是,曾经他是姑娘的助力,在姑娘举步维艰的侯府生活中,曾经帮过不少忙。
但是现在,他已经成了阻力。
甘棠甚至卑劣地想,他要是死在外面就好了。
姑娘还是对他太心软了。
沈霜辞漫不经心地道:“只要想走,就能走得成。”
“可是三爷”
“可是三爷”
“我还拿捏不了他吗?”沈霜辞嘴角勾起一抹笑意,“放心吧,我会让他做错事情的。”
错误这种东西,硬找怎么能找不出来呢?
鸡蛋里还有人能挑骨头呢。
没有错,就让他多反思。
反思反思就有了。
“做错事情?”甘棠不解。
沈霜辞却没有说得很清楚,“以后你就知道了。

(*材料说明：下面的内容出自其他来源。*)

Lemma elementary_mul n (g h : 'M[R]_n) :
  elementary g -> elementary h -> elementary (g *m h).
Proof.
move=> Eg Eh; elim: Eg => [|a b r g' ab _ IH]; first by rewrite mul1mx.
by rewrite -mulmxA; apply: elementaryM.
Qed.

Lemma elementary_elem n (a b : 'I_n) r : a != b -> elementary (elem_mx a b r).
Proof.
by move=> ab; rewrite -[elem_mx _ _ _]mulmx1; apply: elementaryM => //; apply: elementary1.
Qed.

Lemma det_elementary n (g : 'M[R]_n) : elementary g -> \det g = 1.
Proof.
elim=> [|a b r g' ab _ IH]; first by rewrite det1.
by rewrite det_mulmx det_elem_mx // IH mul1r.
Qed.

(* E_n(R) is closed under inverses: (t^r_{ab})^-1 = t^-r_{ab}. *)
Lemma elementary_inv n (g : 'M[R]_n) :
  elementary g -> exists2 g', elementary g' & g' *m g = 1%:M.
Proof.
elim=> [|a b r g' ab _ [g'' Eg'' g''g']].
  by exists 1%:M; [exact: elementary1 | rewrite mulmx1].
exists (g'' *m elem_mx a b (- r)); first exact: elementary_mul (elementary_elem _ ab).
by rewrite mulmxA -(mulmxA g'') elem_mxD // addNr elem_mx0 mulmx1.
Qed.

Lemma elementary_cancel_l n (e g : 'M[R]_n) :
  elementary e -> elementary (e *m g) -> elementary g.
Proof.
move=> Ee Eeg; have [e' Ee' e'e] := elementary_inv Ee.
by rewrite -[g]mul1mx -e'e -mulmxA; apply: elementary_mul.
Qed.

Lemma elementary_tr n (g : 'M[R]_n) : elementary g -> elementary g^T.
Proof.
elim=> [|a b r g' ab _ IH]; first by rewrite trmx1; apply: elementary1.
rewrite trmx_mul trmx_elem_mx; apply: elementary_mul => //.
by apply: elementary_elem; rewrite eq_sym.
Qed.

Lemma elementary_block n (g : 'M[R]_n) :
  elementary g -> elementary (block_mx (1%:M : 'M_1) 0 0 g : 'M_(1 + n)).
Proof.
elim=> [|a b r g' ab _ IH]; first by rewrite -scalar_mx_block; apply: elementary1.
have -> : block_mx (1%:M : 'M_1) 0 0 (elem_mx a b r *m g') =
    block_mx 1%:M 0 0 (elem_mx a b r) *m block_mx 1%:M 0 0 g'.
  by rewrite mulmx_block !mulmx0 !mul0mx !addr0 !add0r mulmx1.
by rewrite block_elem_mx; apply: elementaryM; rewrite ?eq_shift.
Qed.

End ElementaryGroup.

(* Row reduction of the first column below a pivot equal to 1, by
   elementary row operations that leave the first row untouched.  The
   induction is on the number of nonzero entries below the pivot. *)
Lemma clear_first_col (R : comUnitRingType) n (h : 'M[R]_n.+1) :
  h ord0 ord0 = 1 ->
  exists2 e, elementary e &
    (forall i, (e *m h) i ord0 = (i == ord0)%:R) /\
    (forall j, (e *m h) ord0 j = h ord0 j).
Proof.
pose below (h : 'M[R]_n.+1) := [set i : 'I_n.+1 | (i != ord0) && (h i ord0 != 0)].
move=> h00; move: (leqnn #|below h|); move: {2}#|below h| => c.
elim: c h h00 => [|c IH] h h00 hc.
  exists 1%:M; first exact: elementary1.
  split=> [i|j]; rewrite mul1mx //; case: (eqVneq i ord0) => [->//|ni].
  move: hc; rewrite leqn0 => /eqP/cards0_eq/setP/(_ i); rewrite !inE ni /=.
  by case: eqP.
have [below0|[i]] := set_0Vmem (below h); first by apply: IH; rewrite ?below0 ?cards0.
rewrite inE => /andP[ni nhi].
pose h' := elem_mx i ord0 (- h i ord0) *m h.
have h'E i' j : h' i' j = h i' j + (i' == i)%:R * (- h i ord0 * h ord0 j).
  by rewrite mul_elem_mx_l.
have h'row j : h' ord0 j = h ord0 j by rewrite h'E eq_sym (negPf ni) mul0r addr0.
have [e Ee [e_col e_row]] : exists2 e, elementary e &
    (forall i, (e *m h') i ord0 = (i == ord0)%:R) /\
    (forall j, (e *m h') ord0 j = h' ord0 j).
  apply: IH; first by rewrite h'row.
  have sub : below h' \subset below h :\ i.
    apply/subsetP=> i'; rewrite !inE h'E.
    case: (eqVneq i' i) => [->|_]; first by rewrite h00 mulr1 mul1r addrN eqxx andbF.
    by rewrite mul0r addr0.
  rewrite -ltnS; apply: leq_trans (subset_leq_card sub) _.
  by rewrite (cardsD1 i (below h)) inE ni nhi add1n in hc.
exists (e *m elem_mx i ord0 (- h i ord0)).
  exact: elementary_mul Ee (elementary_elem _ ni).
by rewrite -!mulmxA; split=> [i'|j]; rewrite ?e_col // e_row h'row.
Qed.

Lemma first_row_col_block (R : comUnitRingType) n (F : 'M[R]_(1 + n)) :
  (forall i, F i ord0 = (i == ord0)%:R) -> (forall j, F ord0 j = (j == ord0)%:R) ->
  F = block_mx (1%:M : 'M_1) 0 0 (drsubmx F).
Proof.
move=> Fcol Frow; have l0 : lshift n (0 : 'I_1) = ord0 by apply: val_inj.
rewrite -{1}(submxK F); congr block_mx; apply/matrixP => i j;
  rewrite !mxE ?ord1 ?l0 ?Fcol ?Frow //.
Qed.

Section LocalGeneration.
Variables (k : fieldType) (R : comUnitRingType) (pi : {rmorphism R -> k}).
Hypothesis local : forall x : R, pi x != 0 -> x \is a GRing.unit.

”
她要“死”在谢玄桓的愧疚中。
至于他愧疚什么事情,那就只能看,到时候能有什么事情发挥了。
甘棠虽然不明白,但是看她已经有了主意,便放下心来。
千万,千万不能留恋。
有时候她都心生错觉,觉得姑娘对谢玄桓是动了真情的。
不能。
那是一头吃人不吐骨头的狼。
他以后会把姑娘欺负死的。
过了两日,皇后果然召见沈霜辞了。
沈霜辞坦荡进宫。
皇后倒也拿架子,也没发火,待她和从前一样亲近。
——至少表面上看起来如此。
她屏退左右,叹了口气道:“你呀你,让本宫说你什么好?本宫和你说的话,你都当成了耳边风。”
沈霜辞起身请罪。
“坐着吧。本宫若是真的想兴师问罪,就不会特意让人请你进宫了。”
“多谢娘娘。”
“你呀,把事情闹得太大了。”皇后一边说话一边摇头,“虽说你已经和沈家断亲,但是那毕竟是你的亲生父亲,适可而止。”
沈霜辞沉默不语。
皇后知道这是无声反抗,脸上笑容淡了几分,取而代之的是责备。
“我知道你心里有怨,但是闹成这样,孝道何在?纲常何在?”
皇后的意思是,差不多就行了。
闹到现在,也出气了。
收手吧。
沈霜辞缓缓开口,黑亮的眸子里,蒙上了一层水雾。
她说:“娘娘,当年我娘生病,吐了很多很多血。我我很害怕,我跑去我爹书房寻求安慰”
她脸上浮起嘲讽,“结果我看到了什么?青天白日,我爹和那个号称来帮忙侍奉我娘,照顾我的好表姨,赤条条地覆在一起”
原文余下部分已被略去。